Build the first two carbon capture and storage clusters, based across North Wales and, the North West of England and Teesside and the Humber, cutting carbon and creating tens of thousands of jobs in these regions, and progress the second tranche of projects in Aberdeenshire and the Humber.
Invest £1.1 billion into the Green Industries Growth Accelerator to support British manufacturing capabilities, boost supply chains and ensure our energy transition is made in Britain.
Implement a new import carbon pricing mechanism by 2027 to ensure that imports of iron, steel, aluminium, ceramics and cement from countries with a lower or no carbon price will face a comparable carbon price to those goods produced in the UK. This will reduce the risk of industry being displaced to other countries which aren’t taking action on climate change.

Carbon capture is beginning to take on mythical, status as a unicorn of the energy markets. £/$ billions have been invested in schemes around the world, but so far there are no large-scale projects that do not rely on hydrocarbon production or processing for their economics. In the power sector, capture rates have been lower and costs higher than expected, leading most schemes to be abandoned. The UK should let other countries take the lead on carbon capture and only invest further once technologies are proved (as an aside, all parties want the UK to be a world leader in most aspects of energy markets. This is unrealistic and, frankly, hubristic. The UK should certainly not try to lead in highly speculative areas into which £/$ billions have already been spent will few positive results.)

All the parties also want to promote “green jobs and supply chains”. Like motherhood and apple pie, this is not objectionable but also may be easier said than done. Boosting domestic manufacturing makes sense – whether £1.1 billion is the right amount is unclear – but limiting factors such as access to skilled workers and access to raw materials are likely to be difficult problems to solve.

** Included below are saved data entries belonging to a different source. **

(* Let $\mathcal N$ be a ReLU net with input dimension $d$, a single hidden layer of width $n$ and output dimension $1$, i.e. $f_{\mathcal N}(x)=\mathrm{ReLU}\big(b+\sum_{j=1}^n c_j\,\mathrm{ReLU}(A_j(x))\big)$ with $A_j:\mathbb{R}^d\to\mathbb{R}$ affine and $b,c_j\in\mathbb{R}$. Then there exists another ReLU net $\widetilde{\mathcal N}$ with input dimension $d$, output dimension $1$ and $n+2$ hidden layers, each of width $d+2$, that computes the same function as $\mathcal N$ on $[0,1]^d$.
   Context: For $m\geq1$, $\mathrm{ReLU}(x_1,\dots,x_m)=(\max\{0,x_1\},\dots,\max\{0,x_m\})$. A feed-forward ReLU net with input dimension $d_{\mathrm{in}}$, hidden layer width $w$, depth $n$ and output dimension $d_{\mathrm{out}}$ is a function of the form $\mathrm{ReLU}\circ A_n\circ\mathrm{ReLU}\circ A_{n-1}\circ\cdots\circ\mathrm{ReLU}\circ A_1$ with $A_1:\mathbb{R}^{d_{\mathrm{in}}}\to\mathbb{R}^w$, $A_j:\mathbb{R}^w\to\mathbb{R}^w$ ($2\leq j\leq n-1$), $A_n:\mathbb{R}^w\to\mathbb{R}^{d_{\mathrm{out}}}$ affine. Throughout, functions computed by nets are considered on the domain $[0,1]^d$. *)

From mathcomp Require Import all_boot all_order all_algebra.
From mathcomp Require Import reals.
Set Implicit Arguments. Unset Strict Implicit. Unset Printing Implicit Defensive.
Import Order.TTheory GRing.Theory Num.Theory.
Local Open Scope ring_scope.

Section ReLUNets.
Variable R : realType.

Definition reluv (m : nat) (v : 'cV[R]_m) : 'cV[R]_m :=
  \col_i Num.max 0 (v i 0).

Fixpoint hidden_layers (w : nat) (Ls : seq ('M[R]_w * 'cV[R]_w))
    (h : 'cV[R]_w) : 'cV[R]_w :=
  match Ls with
  | [::] => h
  | (W, b) :: Ls' => hidden_layers Ls' (reluv (W *m h + b))
  end.

(* It has (size Ls).+1 hidden layers, each of width w, and depth (size Ls).+2. *)
Definition relu_net (din w dout : nat)
    (Win : 'M[R]_(w, din)) (bin : 'cV[R]_w)
    (Ls : seq ('M[R]_w * 'cV[R]_w))
    (Wout : 'M[R]_(dout, w)) (bout : 'cV[R]_dout)
    (x : 'cV[R]_din) : 'cV[R]_dout :=
  reluv (Wout *m hidden_layers Ls (reluv (Win *m x + bin)) + bout).

Definition in_unit_cube (d : nat) (x : 'cV[R]_d) : Prop :=
  forall i : 'I_d, 0 <= x i 0 <= 1.

End ReLUNets.

From mathcomp Require Import all_boot all_order all_algebra.
From mathcomp Require Import reals.
Import Order.TTheory GRing.Theory Num.Theory.
Local Open Scope ring_scope.
Set Implicit Arguments. Unset Strict Implicit. Unset Printing Implicit Defensive.

(* The deep net carries the state (t, s, x) in width d + 2: x is copied
   unchanged from layer to layer (ReLU is the identity on the cube), s is the
   j-th neuron ReLU(A_j x) of the shallow net, and t accumulates
   M + c_0 s_0 + ... + c_(j-1) s_(j-1).  The offset M is a bound for
   \sum_j |c_j| sup_cube |A_j|, so t never becomes negative and the ReLU
   applied to it is harmless; the output layer finally subtracts M again. *)

Lemma reluv_col_mx (R : realType) (m1 m2 : nat) (u : 'cV[R]_m1) (v : 'cV[R]_m2) :
  reluv (col_mx u v) = col_mx (reluv u) (reluv v).
Proof. by apply/matrixP => i j; rewrite !mxE; case: splitP => k _; rewrite !mxE. Qed.

Lemma reluv_scalar_mx (R : realType) (t : R) :
  reluv (t%:M : 'cV[R]_1) = (Num.max 0 t)%:M.
Proof. by apply/matrixP => i j; rewrite !ord1 !mxE /= !mulr1n. Qed.

Lemma reluv_id (R : realType) (m : nat) (v : 'cV[R]_m) :
  (forall i, 0 <= v i 0) -> reluv v = v.
Proof. by move=> v_ge0; apply/matrixP => i j; rewrite ord1 mxE max_r. Qed.

Lemma in_unit_cube_ge0 (R : realType) (d : nat) (x : 'cV[R]_d) :
  in_unit_cube x -> forall i, 0 <= x i 0.
Proof. by move=> x01 i; case/andP: (x01 i). Qed.

Lemma relu_net_shallow (R : realType) (din n : nat)
    (Win : 'M[R]_(n, din)) (bin : 'cV[R]_n) (Wout : 'M[R]_(1, n))
    (bout : 'cV[R]_1) (x : 'cV[R]_din) :
  relu_net Win bin [::] Wout bout x =
  (Num.max 0 (bout 0 0 +
     \sum_(k < n) Wout 0 k * Num.max 0 ((Win *m x) k 0 + bin k 0)))%:M.
Proof.
apply/matrixP => i j; rewrite !ord1 !mxE /= mulr1n addrC; congr (Num.max 0 (_ + _)).
by apply: eq_bigr => k _; rewrite !mxE.
Qed.

Definition ord_pad (T : Type) (n : nat) (f : 'I_n -> T) (x0 : T) (j : nat) : T :=
  if insub j is Some k then f k else x0.

Lemma ord_pad_ord (T : Type) (n : nat) (f : 'I_n -> T) (x0 : T) (k : 'I_n) :
  ord_pad f x0 k = f k.
Proof. by rewrite /ord_pad valK. Qed.

Lemma ord_pad_out (T : Type) (n : nat) (f : 'I_n -> T) (x0 : T) (j : nat) :
  (n <= j)%N -> ord_pad f x0 j = x0.
Proof. by move=> le_nj; rewrite /ord_pad insubN // -leqNgt. Qed.

Section NeuronSumAsDeepNarrowNet.

Variables (R : realType) (d : nat) (a : nat -> 'rV[R]_d) (b c : nat -> R).

Definition neuron (j : nat) (x : 'cV[R]_d) : R :=
  Num.max 0 ((a j *m x) 0 0 + b j).

Definition neuron_bound (j : nat) : R := `|b j| + \sum_(i < d) `|a j 0 i|.

Lemma neuron_ge0 j x : 0 <= neuron j x.
Proof. by rewrite le_max lexx. Qed.

Lemma neuron_le_bound j x : in_unit_cube x -> neuron j x <= neuron_bound j.
Proof.
move=> x01; rewrite ge_max addr_ge0 ?sumr_ge0 //=.
rewrite (le_trans (ler_norm _)) // (le_trans (ler_normD _ _)) // addrC lerD2l mxE.
rewrite (le_trans (ler_norm_sum _ _ _)) // ler_sum // => i _.
case/andP: (x01 i) => x_ge0 x_le1.
by rewrite normrM (ger0_norm x_ge0) ler_piMr.
Qed.

Definition offset (m : nat) : R := \sum_(0 <= j < m) `|c j| * neuron_bound j.

Definition running_sum (m k : nat) (x : 'cV[R]_d) : R :=
  offset m + \sum_(0 <= j < k) c j * neuron j x.

Lemma running_sum_ge0 m k x :
  in_unit_cube x -> (k <= m)%N -> 0 <= running_sum m k x.
Proof.
move=> x01 le_km; rewrite /running_sum /offset (big_cat_nat (leq0n k) le_km) /=.
rewrite addrAC -big_split /= addr_ge0 ?sumr_ge0 // => j _.
  rewrite -lerBlDr sub0r (le_trans (ler_norm _)) // normrN normrM.
  by rewrite (ger0_norm (neuron_ge0 _ _)) ler_wpM2l ?neuron_le_bound.
by rewrite mulr_ge0 ?addr_ge0 ?sumr_ge0.
Qed.

Definition state (t s : R) (x : 'cV[R]_d) : 'cV[R]_(1 + (1 + d)) :=
  col_mx t%:M (col_mx s%:M x).

Definition layer (k : nat) : 'M[R]_(1 + (1 + d)) * 'cV[R]_(1 + (1 + d)) :=
  (block_mx 1%:M (row_mx (c k)%:M 0) 0 (block_mx 0 (a k.+1) 0 1%:M),
   col_mx 0 (col_mx (b k.+1)%:M 0)).

Lemma layerE k t s x : in_unit_cube x ->
  reluv ((layer k).1 *m state t s x + (layer k).2) =
  state (Num.max 0 (t + c k * s)) (neuron k.+1 x) x.
Proof.
move=> x01; rewrite /= mul_block_col !mul_row_col mul_block_col !mul0mx !mul1mx.
rewrite !add0r !addr0 !add_col_mx !addr0 !reluv_col_mx.
rewrite (reluv_id (in_unit_cube_ge0 x01)) -scalar_mxM -raddfD /= reluv_scalar_mx.
rewrite /state; congr (col_mx _ (col_mx _ _)).
by apply/matrixP => i j; rewrite !ord1 !mxE /= mulr1n /neuron mxE.
Qed.

Lemma hidden_layers_iota m k l x : in_unit_cube x -> (k + l <= m)%N ->
  hidden_layers [seq layer j | j <- iota k l]
    (state (running_sum m k x) (neuron k x) x) =
  state (running_sum m (k + l) x) (neuron (k + l) x) x.
Proof.
move=> x01; elim: l k => [|l IHl] k le_klm; first by rewrite addn0.
have running_sumS : running_sum m k x + c k * neuron k x = running_sum m k.+1 x.
  by rewrite /running_sum big_nat_recr //= addrA.
rewrite /= layerE // running_sumS max_r ?running_sum_ge0 //; last first.
  by rewrite (leq_trans _ le_klm) // -addn1 leq_add2l.
by rewrite -(addSnnS k l) in le_klm *; apply: IHl.
Qed.

Definition input_layer (m : nat) : 'M[R]_(1 + (1 + d), d) * 'cV[R]_(1 + (1 + d)) :=
  (col_mx 0 (col_mx (a 0) 1%:M), col_mx (offset m)%:M (col_mx (b 0)%:M 0)).

Lemma input_layerE m x : in_unit_cube x ->
  reluv ((input_layer m).1 *m x + (input_layer m).2) =
  state (running_sum m 0 x) (neuron 0 x) x.
Proof.
move=> x01; rewrite /= !mul_col_mx mul0mx mul1mx !add_col_mx add0r addr0.
have := running_sum_ge0 x01 (leq0n m); rewrite /running_sum big_geq // addr0.
move=> offset_ge0; rewrite !reluv_col_mx (reluv_id (in_unit_cube_ge0 x01)).
rewrite reluv_scalar_mx max_r //; congr (col_mx _ (col_mx _ _)).
by apply/matrixP => i j; rewrite !ord1 !mxE /= mulr1n /neuron mxE.
Qed.

Definition output_layer (m : nat) (bout : R) : 'M[R]_(1, 1 + (1 + d)) * 'cV[R]_1 :=
  (row_mx 1%:M 0, (bout - offset m)%:M).

Lemma output_layerE m bout t s x :
  reluv ((output_layer m bout).1 *m state t s x + (output_layer m bout).2) =
  (Num.max 0 (bout + (t - offset m)))%:M.
Proof.
by rewrite /= mul_row_col mul1mx mul0mx addr0 -raddfD reluv_scalar_mx addrCA.
Qed.

Lemma neuron_sum_deep_narrow_net (m : nat) (bout : R) :
  exists (Win' : 'M[R]_(d.+2, d)) (bin' : 'cV[R]_(d.+2))
         (Ls : seq ('M[R]_(d.+2) * 'cV[R]_(d.+2)))
         (Wout' : 'M[R]_(1, d.+2)) (bout' : 'cV[R]_1),
    size Ls = m /\
    forall x : 'cV[R]_d, in_unit_cube x ->
      relu_net Win' bin' Ls Wout' bout' x =
      (Num.max 0 (bout + \sum_(0 <= j < m) c j * neuron j x))%:M.
Proof.
exists (input_layer m).1, (input_layer m).2, [seq layer j | j <- iota 0 m].
exists (output_layer m bout).1, (output_layer m bout).2.
split=> [|x x01]; first by rewrite size_map size_iota.
rewrite /relu_net input_layerE // hidden_layers_iota // output_layerE.
by rewrite /running_sum addrAC subrr add0r.
Qed.

End NeuronSumAsDeepNarrowNet.

Theorem lemma3 (R : realType) (d n : nat)
    (Win : 'M[R]_(n, d)) (bin : 'cV[R]_n)
    (Wout : 'M[R]_(1, n)) (bout : 'cV[R]_1) :
  exists (Win' : 'M[R]_(d.+2, d)) (bin' : 'cV[R]_(d.+2))
         (Ls : seq ('M[R]_(d.+2) * 'cV[R]_(d.+2)))
         (Wout' : 'M[R]_(1, d.+2)) (bout' : 'cV[R]_1),
    size Ls = n.+1 /\
    forall x : 'cV[R]_d, in_unit_cube x ->
      relu_net Win' bin' Ls Wout' bout' x = relu_net Win bin [::] Wout bout x.
Proof.
pose a := ord_pad (fun k => row k Win) 0; pose b := ord_pad (fun k => bin k 0) 0.
pose c := ord_pad (Wout 0) 0.
(* One layer more than neurons is required, so neuron n is a dummy with c n = 0. *)
have [Win' [bin' [Ls [Wout' [bout' [size_Ls net_eq]]]]]] :=
  neuron_sum_deep_narrow_net a b c n.+1 (bout 0 0).
exists Win', bin', Ls, Wout', bout'; split=> // x x01.
rewrite net_eq // relu_net_shallow big_mkord big_ord_recr /= {2}/c ord_pad_out //.
rewrite mul0r addr0; congr ((Num.max 0 (_ + _))%:M); apply: eq_bigr => k _.
by rewrite /c /neuron /a /b !ord_pad_ord -row_mul mxE.
Qed.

The import carbon pricing mechanism is the UK version of the EU’s carbon border adjustment mechanism (“CBAM”). This is necessary if the country /region is serious about carbon pricing as it means that carbon intensive activities cannot simply be moved to countries with weaker environmental controls and the resulting goods re-imported into the country /region to the detriment of domestic manufacturers. However, it will be inflationary as cheap imports will either become more expensive as overseas producers are required to adhere to UK /EU emissions standards, or cheap imported goods will be substituted by more expensive locally produced goods. Just how committed the UK and EU will be to this policy when the inflationary implications manifest remains to be seen.

The pragmatism seems real, but too little too late

Overall the Conservative Party’s claim to be pragmatic in relation to energy policy does stack up. There are still problems, notably the belief that renewables are cheap, that the EPC should be used more widely, and the commitment to the price cap.

But the focus on energy security is welcome, as is the desire to increase the democratic mandate for net zero. The problem is that the Party has had almost a decade in which it could have enacted these policies, but seems to have only recently realised their necessity. Perhaps they could argue that they are listening to voter concerns that have only recently become apparent. Unfortunately at this point the electorate has stopped listening to them. They are unlikely to get the chance to put right their mistakes.